Rape of a child as “an anathema to the social balance” and an offender as a “menace to the society”, the Supreme Court Wednesday handed down death penalty to a man, convicted of raping and murdering a four-year-old girl in 2008.
A bench led by Justice Dipak Misra threw out the appeal of Vasanta Sampat Dupare, 51, and held that the convict deserved nothing but the capital punishment for exhibiting the “gratification of pervert lust and brutish carnality,” and making an infant girl “the prey of such degradation and depravity”.
It was last in 2012 when the court had upheld the death penalty to a convict in a rape and murder case. This case also involved commission of crime against a minor.
Dupare had in April 2008 raped and killed the minor after luring her to have chocolates in Nagpur, Maharashtra. He had crushed her head with heavy stones and hid her body. Testimonies of various witnesses along with other scientific and circumstantial evidence had brought home the guilt of the accused.
Discussing the quantum of punishment, the bench, also comprising Justices Rohinton F Nariman and U U Lalit, said the entire case was replete with aggravating circumstances and that there was nothing on record to mitigate the gravity of the offence or to suggest that Dupare could be reformed.

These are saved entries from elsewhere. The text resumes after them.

Lemma nagel_center_ell z1 z2 z3 : on_circle z1 -> on_circle z2 -> on_circle z3 ->
  z1 <> z2 -> z1 <> z3 -> z2 <> z3 -> billiard_triple k z1 z2 z3 ->
  center nagel_h (ell a b z1) (ell a b z2) (ell a b z3) =
  ell (a * k * (1 + k) / (3 - k)) (b * k * (1 - k) / (3 + k)) (z1 * z2 * z3).
Proof.
  intros H1 H2 H3 d12 d13 d23 Tr.
  pose proof (billiard_k_bounds a b hb hab) as Hk; fold k in Hk.
  assert (Hc : (0 < a^2 - b^2)%R) by nra.
  set (r := sqrt (k / (a^2 - b^2))).
  assert (Hr : (0 < r)%R) by (apply sqrt_lt_R0, Rdiv_lt_0_compat; lra).
  assert (Dist : forall z w, on_circle z -> on_circle w -> z <> w ->
            pair_poly ((k^2 - 1) / 2) k z w = 0 -> dist (ell a b z) (ell a b w) = (gap z w / r)%R).
  { intros z w Hz Hw Hne F; pose proof (gap_ratio_of_pair_poly a b hb hab z w Hz Hw Hne F) as G.
    fold k r in G; unfold gap_ratio in G; rewrite <- G.
    pose proof (gap_pos z w Hz Hw Hne).
    assert (0 < dist (ell a b z) (ell a b w))%R
      by (apply dist_pos; intro E; apply Hne, (ell_injective a b); [lra | lra | exact E]).
    field; lra. }
  destruct (pair_polys_of_billiard_triple _ _ _ _ Tr) as (F12 & F13 & F23).
  pose proof (gap_pos _ _ H1 H2 d12); pose proof (gap_pos _ _ H1 H3 d13);
    pose proof (gap_pos _ _ H2 H3 d23).
  rewrite (center_nagel_scaled _ _ _ r (gap z2 z3) (gap z1 z3) (gap z1 z2)); try assumption;
    [| apply Dist; assumption | rewrite dist_sym; apply Dist; assumption | apply Dist; assumption].
  destruct (nagel_weight_sums k z1 z2 z3) as [SW SZ]; try (apply on_circle_neq_0; assumption);
    [assumption|].
  assert (Hs : on_circle (z1 * z2 * z3)) by (repeat apply on_circle_mult; assumption).
  unfold Cdiv in SZ; rewrite Cinv_on_circle in SZ by exact Hs.
  rewrite <- !cgap_gap in SW, SZ by assumption.
  rewrite <- !RtoC_plus in SW; apply RtoC_inj in SW.
  pose proof (f_equal Re SZ) as SX; pose proof (f_equal Im SZ) as SY; clear SZ.
  set (g12 := gap z1 z2) in *; set (g13 := gap z1 z3) in *; set (g23 := gap z2 z3) in *.
  remember (z1 * z2 * z3) as s eqn:Es; clear Es Hs.
  destruct z1 as [x1 y1], z2 as [x2 y2], z3 as [x3 y3], s as [u v].
  cbv [ell Re Im Cmult Cplus Cminus Copp Cconj RtoC fst snd] in SX, SY |- *.
  assert (SX' : ((g12 + g13 - g23) * x1 + (g12 + g23 - g13) * x2 + (g13 + g23 - g12) * x3 =
                 (k * (3 + k^2) / 2 + 2 * k^2) * u)%R) by lra.
  assert (SY' : ((g12 + g13 - g23) * y1 + (g12 + g23 - g13) * y2 + (g13 + g23 - g12) * y3 =
                 (k * (3 + k^2) / 2 - 2 * k^2) * v)%R) by lra.
  f_equal.
  - transitivity (a * ((g12 + g13 - g23) * x1 + (g12 + g23 - g13) * x2 + (g13 + g23 - g12) * x3) /
                  (g12 + g13 + g23))%R; [field; lra|].
    rewrite SX', SW; field; lra.
  - transitivity (b * ((g12 + g13 - g23) * y1 + (g12 + g23 - g13) * y2 + (g13 + g23 - g12) * y3) /
                  (g12 + g13 + g23))%R; [field; lra|].
    rewrite SY', SW; field; lra.
Qed.

End NagelCenter.

(** * Existence of 3-periodics *)

Definition cis (t : R) : C := (cos t, sin t).
Lemma qpochx_expand x i k :
  qpochx x k = \sum_(m < k.+1) (- x) ^+ m * q ^+ 'C(m.+1, 2) * (qpoch m * qbin i m) *
                              qbin k m * qpochx (x * q ^+ i) (k - m).
Proof.
pose c m := (- x) ^+ m * q ^+ 'C(m.+1, 2) * (qpoch m * qbin i m).
pose Q := qpochx (x * q ^+ i).
have cS m : c m.+1 = c m * (- x * q ^+ m.+1) * (1 - q ^+ (i - m)).
  rewrite /c; have -> : qpoch m.+1 * qbin i m.+1 = qpoch m * (qbin i m.+1 * (1 - q ^+ m.+1)).
    by rewrite qpochS; ring.
  by rewrite mul_qbin_left exprSr binS bin1 exprD; ring.
suff expand : qpochx x k = \sum_(m < k.+1) c m * qbin k m * Q (k - m)%N by exact expand.
elim: k => [|k IHk].
  by rewrite big_ord1 /c /Q /qpochx !big_ord0 qpoch0 !qbin0 /= expr0 !mul1r.
pose A m := c m * qbin k m * Q (k.+1 - m)%N.
pose B m := c m.+1 * (q ^+ (k - m) * qbin k m) * Q (k - m)%N.
have AB_step m : (m <= k)%N -> A m + B m = c m * qbin k m * Q (k - m)%N * (1 - x * q ^+ k.+1).
  move=> le_mk; rewrite /A /B cS subSn // /Q qpochxS.
  case: (leqP m i) => [le_mi|lt_im]; last first.
    by rewrite /c (qbin_small lt_im) mulr0; ring.
  have -> : q ^+ k.+1 = q ^+ m.+1 * q ^+ (k - m) by rewrite -exprD; congr (_ ^+ _); lia.
  have -> : x * q ^+ i * q ^+ (k - m).+1 = x * (q ^+ m.+1 * q ^+ (i - m) * q ^+ (k - m)).
    by rewrite -!mulrA -!exprD; congr (_ * (_ ^+ _)); lia.
  ring.
have sumA : \sum_(m < k.+2) A m = \sum_(m < k.+1) A m.
  by rewrite big_ord_recr /= /A (qbin_small (ltnSn k)) mulr0 mul0r addr0.
rewrite qpochxS IHk mulr_suml.
rewrite (eq_bigr (fun m : 'I_k.+1 => A m + B m)); last first.
  by move=> m _; rewrite AB_step // -ltnS.
rewrite big_split /= -sumA big_ord_recl [RHS]big_ord_recl /= -addrA.
congr (_ + _); first by rewrite /A !qbin0.
rewrite -big_split; apply: eq_bigr => m _ /=.
by rewrite /A /B /bump leq0n add1n subSS qbinS mulrDr mulrDl.
Qed.

Lemma qmultiE (a b c : nat) :
  qmulti (a + b + c) a b c = qpoch (a + b + c) / (qpoch a * qpoch b * qpoch c).
Proof. by rewrite /qmulti !le0z_nat -!PoszD eqxx !absz_nat. Qed.

Definition qweight (k i j : nat) : F :=
  (-1) ^+ (i + j + k) *
  q ^ (((k%:Z + i%:Z - j%:Z) * (k%:Z + i%:Z - j%:Z + 1)) %/ 2)%Z *
  qmulti j (j%:Z - i%:Z) (j%:Z - k%:Z) (i%:Z + k%:Z - j%:Z).

Lemma PauxS s k j : Paux s.+1 k j = \sum_(i < j.+1) qweight k i j * Paux s k i.
Proof. reflexivity. Qed.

“The rape of a minor girl child is nothing but a monstrous burial of her dignity in the darkness. It is a crime against the holy body of a girl child and the soul of the society and such a crime is aggravated by the manner in which it has been committed. The nature of the crime and the manner in which it has been committed speak about its uncommonness. The crime speaks of depravity, degradation and uncommonality. It is diabolical and barbaric,” held the court.
Underlining the manner in which Dupare took the victim away and killed her in cold blood after raping her, it said there was no doubt that the crime was committed in an inhuman manner and the convict deserved punishment befitting the nature of the crime.
Sending Dupare to the gallows, the court noted that rape of an innocent child was not only betrayal of an individual trust but destruction and devastation of social trust.
“It is perversity in its enormity. It irrefutably invites the extreme abhorrence and indignation of the collective. It is an anathema to the social balance. In our view, it meets the test of rarest of the rare case and we unhesitatingly so hold,” said the bench.